Segment Open
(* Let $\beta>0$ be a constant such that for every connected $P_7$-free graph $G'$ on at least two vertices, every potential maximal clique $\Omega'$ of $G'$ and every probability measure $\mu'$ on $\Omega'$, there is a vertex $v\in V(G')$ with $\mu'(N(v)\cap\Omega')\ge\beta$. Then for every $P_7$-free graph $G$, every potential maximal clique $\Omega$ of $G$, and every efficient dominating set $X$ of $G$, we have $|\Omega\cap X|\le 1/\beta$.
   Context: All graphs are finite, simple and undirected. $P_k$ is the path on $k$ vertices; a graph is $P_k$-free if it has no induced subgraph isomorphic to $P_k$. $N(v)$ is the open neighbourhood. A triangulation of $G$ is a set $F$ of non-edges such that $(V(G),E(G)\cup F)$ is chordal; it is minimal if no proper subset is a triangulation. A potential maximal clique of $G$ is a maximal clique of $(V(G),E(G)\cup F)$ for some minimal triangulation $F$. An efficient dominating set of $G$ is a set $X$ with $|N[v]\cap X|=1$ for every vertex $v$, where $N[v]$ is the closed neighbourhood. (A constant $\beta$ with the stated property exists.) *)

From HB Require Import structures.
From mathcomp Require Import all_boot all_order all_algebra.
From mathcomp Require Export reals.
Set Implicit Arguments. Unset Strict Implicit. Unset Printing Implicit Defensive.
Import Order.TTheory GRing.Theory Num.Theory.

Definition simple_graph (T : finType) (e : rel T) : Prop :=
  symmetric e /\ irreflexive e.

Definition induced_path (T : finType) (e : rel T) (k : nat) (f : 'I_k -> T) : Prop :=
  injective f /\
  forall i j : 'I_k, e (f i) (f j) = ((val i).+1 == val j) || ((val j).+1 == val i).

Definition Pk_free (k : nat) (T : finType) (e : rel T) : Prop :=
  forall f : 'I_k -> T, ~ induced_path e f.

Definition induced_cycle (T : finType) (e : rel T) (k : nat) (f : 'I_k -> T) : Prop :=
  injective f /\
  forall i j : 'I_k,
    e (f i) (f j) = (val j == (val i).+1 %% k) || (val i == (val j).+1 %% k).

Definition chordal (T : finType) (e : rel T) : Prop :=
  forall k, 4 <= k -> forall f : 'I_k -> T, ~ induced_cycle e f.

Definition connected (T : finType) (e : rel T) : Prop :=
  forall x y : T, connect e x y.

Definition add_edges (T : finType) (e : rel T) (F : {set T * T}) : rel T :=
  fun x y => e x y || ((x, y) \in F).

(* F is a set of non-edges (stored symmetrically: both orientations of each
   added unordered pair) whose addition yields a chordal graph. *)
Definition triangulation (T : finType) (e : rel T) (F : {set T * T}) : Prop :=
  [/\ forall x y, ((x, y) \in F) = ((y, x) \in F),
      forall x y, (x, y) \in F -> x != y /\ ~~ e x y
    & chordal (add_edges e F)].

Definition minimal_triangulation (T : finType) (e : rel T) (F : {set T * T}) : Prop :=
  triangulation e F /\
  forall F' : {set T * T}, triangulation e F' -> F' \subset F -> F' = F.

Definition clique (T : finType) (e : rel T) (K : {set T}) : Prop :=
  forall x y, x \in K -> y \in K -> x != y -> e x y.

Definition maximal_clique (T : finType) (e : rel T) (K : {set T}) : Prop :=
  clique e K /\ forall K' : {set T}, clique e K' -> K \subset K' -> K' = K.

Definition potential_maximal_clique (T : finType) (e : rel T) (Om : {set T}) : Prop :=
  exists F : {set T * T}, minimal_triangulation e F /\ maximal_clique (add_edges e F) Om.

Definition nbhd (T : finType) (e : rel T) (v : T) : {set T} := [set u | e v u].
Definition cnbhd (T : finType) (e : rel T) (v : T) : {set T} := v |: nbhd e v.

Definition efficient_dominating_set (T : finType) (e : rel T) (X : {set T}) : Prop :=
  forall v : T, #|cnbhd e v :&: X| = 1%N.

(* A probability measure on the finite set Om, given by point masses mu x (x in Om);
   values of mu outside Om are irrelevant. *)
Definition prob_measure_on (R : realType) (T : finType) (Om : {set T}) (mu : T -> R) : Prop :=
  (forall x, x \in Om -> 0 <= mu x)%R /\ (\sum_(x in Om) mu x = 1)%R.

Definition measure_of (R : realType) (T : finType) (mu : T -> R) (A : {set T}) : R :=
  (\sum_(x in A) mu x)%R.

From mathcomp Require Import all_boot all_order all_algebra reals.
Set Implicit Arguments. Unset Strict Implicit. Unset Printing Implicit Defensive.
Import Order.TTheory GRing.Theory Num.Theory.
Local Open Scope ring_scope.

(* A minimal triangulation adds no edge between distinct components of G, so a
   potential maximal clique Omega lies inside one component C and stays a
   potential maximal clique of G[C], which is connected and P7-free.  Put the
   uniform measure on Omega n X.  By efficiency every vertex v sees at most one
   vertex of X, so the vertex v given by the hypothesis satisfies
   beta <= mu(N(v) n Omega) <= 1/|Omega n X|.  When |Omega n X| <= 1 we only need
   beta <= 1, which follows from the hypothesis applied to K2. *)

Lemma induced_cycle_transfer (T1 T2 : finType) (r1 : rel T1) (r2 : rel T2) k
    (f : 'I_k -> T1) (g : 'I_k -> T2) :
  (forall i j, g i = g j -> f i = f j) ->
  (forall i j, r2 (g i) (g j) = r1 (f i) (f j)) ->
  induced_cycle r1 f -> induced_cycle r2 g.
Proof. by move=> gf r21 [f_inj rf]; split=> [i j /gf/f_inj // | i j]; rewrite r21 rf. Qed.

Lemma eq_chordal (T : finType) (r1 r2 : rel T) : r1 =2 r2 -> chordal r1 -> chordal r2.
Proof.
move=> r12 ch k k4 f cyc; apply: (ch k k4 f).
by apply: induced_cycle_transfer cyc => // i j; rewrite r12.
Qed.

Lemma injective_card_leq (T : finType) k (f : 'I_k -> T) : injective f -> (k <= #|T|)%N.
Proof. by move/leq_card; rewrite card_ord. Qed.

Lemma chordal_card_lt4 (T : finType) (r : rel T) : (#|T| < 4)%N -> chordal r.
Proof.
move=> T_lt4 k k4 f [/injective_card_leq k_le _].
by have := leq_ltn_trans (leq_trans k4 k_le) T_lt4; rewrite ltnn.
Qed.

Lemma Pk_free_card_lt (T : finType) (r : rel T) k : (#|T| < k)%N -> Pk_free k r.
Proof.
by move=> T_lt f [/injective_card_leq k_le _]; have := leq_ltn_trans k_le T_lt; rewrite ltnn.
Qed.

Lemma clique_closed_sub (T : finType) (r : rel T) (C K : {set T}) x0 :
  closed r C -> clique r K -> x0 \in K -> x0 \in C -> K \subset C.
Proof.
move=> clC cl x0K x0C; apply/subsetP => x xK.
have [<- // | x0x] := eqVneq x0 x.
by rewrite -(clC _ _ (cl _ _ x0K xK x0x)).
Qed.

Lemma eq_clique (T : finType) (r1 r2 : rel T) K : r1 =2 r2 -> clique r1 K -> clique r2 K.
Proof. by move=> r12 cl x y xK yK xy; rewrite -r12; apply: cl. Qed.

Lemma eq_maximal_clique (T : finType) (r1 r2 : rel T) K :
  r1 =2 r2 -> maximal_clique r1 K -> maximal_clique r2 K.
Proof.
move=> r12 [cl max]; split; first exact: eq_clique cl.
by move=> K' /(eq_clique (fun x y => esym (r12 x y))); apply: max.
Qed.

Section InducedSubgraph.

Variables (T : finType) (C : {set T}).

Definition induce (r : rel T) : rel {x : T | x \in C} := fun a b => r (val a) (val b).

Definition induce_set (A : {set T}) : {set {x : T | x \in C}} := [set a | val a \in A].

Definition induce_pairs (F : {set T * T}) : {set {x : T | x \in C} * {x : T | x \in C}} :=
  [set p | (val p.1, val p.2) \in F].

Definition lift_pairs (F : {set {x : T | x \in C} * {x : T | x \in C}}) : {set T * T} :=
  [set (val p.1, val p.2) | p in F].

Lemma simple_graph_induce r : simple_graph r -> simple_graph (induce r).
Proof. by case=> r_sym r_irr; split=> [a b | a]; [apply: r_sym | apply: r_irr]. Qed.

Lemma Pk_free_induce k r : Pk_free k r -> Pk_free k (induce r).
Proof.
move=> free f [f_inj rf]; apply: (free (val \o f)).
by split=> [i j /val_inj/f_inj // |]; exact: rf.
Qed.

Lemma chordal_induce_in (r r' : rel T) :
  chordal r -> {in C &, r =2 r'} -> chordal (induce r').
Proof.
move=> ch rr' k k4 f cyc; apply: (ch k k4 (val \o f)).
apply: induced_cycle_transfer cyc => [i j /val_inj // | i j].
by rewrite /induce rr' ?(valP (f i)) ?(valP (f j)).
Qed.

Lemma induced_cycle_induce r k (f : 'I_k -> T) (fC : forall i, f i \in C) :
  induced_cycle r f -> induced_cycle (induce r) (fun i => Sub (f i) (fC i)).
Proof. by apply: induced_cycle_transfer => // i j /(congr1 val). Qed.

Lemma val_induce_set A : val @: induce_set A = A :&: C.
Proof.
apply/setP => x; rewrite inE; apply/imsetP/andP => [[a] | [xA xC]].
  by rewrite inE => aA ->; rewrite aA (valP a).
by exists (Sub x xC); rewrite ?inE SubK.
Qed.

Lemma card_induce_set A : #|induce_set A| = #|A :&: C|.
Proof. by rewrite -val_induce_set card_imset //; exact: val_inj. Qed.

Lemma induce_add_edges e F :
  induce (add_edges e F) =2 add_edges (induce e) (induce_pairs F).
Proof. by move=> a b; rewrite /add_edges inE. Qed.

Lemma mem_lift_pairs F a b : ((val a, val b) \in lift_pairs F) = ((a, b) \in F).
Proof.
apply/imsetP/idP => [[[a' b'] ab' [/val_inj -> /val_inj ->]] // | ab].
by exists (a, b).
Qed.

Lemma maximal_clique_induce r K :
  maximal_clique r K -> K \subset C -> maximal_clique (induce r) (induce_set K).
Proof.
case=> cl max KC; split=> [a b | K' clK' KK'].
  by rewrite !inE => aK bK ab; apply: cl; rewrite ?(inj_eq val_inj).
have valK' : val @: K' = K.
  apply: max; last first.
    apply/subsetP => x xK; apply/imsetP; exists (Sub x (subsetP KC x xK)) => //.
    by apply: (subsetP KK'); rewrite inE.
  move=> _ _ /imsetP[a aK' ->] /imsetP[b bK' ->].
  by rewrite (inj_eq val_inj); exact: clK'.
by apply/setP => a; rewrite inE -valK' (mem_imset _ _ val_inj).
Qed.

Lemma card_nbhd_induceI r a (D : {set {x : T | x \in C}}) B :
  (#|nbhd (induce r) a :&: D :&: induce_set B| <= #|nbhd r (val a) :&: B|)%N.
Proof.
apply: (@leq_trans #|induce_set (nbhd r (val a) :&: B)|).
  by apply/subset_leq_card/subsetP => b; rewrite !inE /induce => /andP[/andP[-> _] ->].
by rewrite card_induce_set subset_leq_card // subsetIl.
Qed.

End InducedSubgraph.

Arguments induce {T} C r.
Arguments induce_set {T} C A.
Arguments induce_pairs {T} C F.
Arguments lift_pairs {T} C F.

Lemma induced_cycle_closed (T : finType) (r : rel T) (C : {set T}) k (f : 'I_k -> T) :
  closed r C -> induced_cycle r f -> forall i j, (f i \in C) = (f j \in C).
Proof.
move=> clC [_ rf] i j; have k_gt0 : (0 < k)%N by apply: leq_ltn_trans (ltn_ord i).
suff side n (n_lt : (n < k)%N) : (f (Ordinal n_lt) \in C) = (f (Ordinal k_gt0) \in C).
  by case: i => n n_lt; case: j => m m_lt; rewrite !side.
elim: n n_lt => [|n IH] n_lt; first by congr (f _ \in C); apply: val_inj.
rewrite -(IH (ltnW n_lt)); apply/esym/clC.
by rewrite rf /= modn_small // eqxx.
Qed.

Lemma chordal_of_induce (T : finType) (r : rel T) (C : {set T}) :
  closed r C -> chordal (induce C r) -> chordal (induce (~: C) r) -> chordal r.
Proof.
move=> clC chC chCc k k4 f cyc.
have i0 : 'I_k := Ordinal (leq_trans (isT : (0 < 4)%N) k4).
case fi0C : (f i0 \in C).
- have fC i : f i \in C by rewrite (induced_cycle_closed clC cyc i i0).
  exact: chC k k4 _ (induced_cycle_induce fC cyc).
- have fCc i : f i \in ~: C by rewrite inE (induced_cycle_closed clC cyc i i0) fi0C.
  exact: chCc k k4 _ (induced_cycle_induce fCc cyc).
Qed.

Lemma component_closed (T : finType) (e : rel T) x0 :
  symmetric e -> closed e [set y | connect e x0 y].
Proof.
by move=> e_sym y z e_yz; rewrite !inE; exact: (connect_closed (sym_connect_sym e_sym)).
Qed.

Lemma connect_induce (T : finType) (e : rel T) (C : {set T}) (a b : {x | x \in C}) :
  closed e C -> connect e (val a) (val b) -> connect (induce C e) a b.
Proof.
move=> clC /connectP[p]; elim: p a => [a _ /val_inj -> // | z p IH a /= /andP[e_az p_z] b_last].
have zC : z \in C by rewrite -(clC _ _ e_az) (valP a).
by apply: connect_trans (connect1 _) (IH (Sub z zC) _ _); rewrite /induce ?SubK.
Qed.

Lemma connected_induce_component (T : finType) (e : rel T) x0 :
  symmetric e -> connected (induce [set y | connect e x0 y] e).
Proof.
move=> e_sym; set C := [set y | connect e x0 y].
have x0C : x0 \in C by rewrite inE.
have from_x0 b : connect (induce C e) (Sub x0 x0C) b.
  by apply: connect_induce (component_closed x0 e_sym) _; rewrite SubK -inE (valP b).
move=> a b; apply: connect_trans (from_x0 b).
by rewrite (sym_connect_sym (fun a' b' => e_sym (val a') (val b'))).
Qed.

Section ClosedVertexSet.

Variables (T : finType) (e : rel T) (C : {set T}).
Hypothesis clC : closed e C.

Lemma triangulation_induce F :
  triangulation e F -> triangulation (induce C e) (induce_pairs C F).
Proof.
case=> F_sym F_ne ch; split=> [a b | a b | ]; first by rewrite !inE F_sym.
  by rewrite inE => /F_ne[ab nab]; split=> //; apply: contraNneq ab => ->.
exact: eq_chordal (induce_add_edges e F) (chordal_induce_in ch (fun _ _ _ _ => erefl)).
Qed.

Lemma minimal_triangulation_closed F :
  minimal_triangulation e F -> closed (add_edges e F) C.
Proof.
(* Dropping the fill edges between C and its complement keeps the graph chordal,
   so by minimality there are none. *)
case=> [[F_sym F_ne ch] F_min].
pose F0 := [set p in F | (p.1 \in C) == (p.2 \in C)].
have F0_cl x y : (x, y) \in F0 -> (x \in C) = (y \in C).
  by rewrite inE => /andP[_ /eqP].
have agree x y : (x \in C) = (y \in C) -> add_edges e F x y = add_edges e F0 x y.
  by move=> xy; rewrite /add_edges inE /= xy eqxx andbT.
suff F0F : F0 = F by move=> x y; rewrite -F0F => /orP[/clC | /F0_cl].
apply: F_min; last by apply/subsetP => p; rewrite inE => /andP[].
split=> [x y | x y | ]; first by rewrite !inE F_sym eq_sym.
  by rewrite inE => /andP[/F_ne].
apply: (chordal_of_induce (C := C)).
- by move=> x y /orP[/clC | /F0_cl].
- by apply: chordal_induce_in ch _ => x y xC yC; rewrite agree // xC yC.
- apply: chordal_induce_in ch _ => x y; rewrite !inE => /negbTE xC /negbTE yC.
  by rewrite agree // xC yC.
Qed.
Segment Closed
What needs to be done:
In the listing above, find the line containing "Definition cnbhd (T" and the line containing "Local Open Scope ring_scope.". Output them and every line between, exactly, and nothing else.

Solution:
Definition cnbhd (T : finType) (e : rel T) (v : T) : {set T} := v |: nbhd e v.

Definition efficient_dominating_set (T : finType) (e : rel T) (X : {set T}) : Prop :=
  forall v : T, #|cnbhd e v :&: X| = 1%N.

(* A probability measure on the finite set Om, given by point masses mu x (x in Om);
   values of mu outside Om are irrelevant. *)
Definition prob_measure_on (R : realType) (T : finType) (Om : {set T}) (mu : T -> R) : Prop :=
  (forall x, x \in Om -> 0 <= mu x)%R /\ (\sum_(x in Om) mu x = 1)%R.

Definition measure_of (R : realType) (T : finType) (mu : T -> R) (A : {set T}) : R :=
  (\sum_(x in A) mu x)%R.

From mathcomp Require Import all_boot all_order all_algebra reals.
Set Implicit Arguments. Unset Strict Implicit. Unset Printing Implicit Defensive.
Import Order.TTheory GRing.Theory Num.Theory.
Local Open Scope ring_scope.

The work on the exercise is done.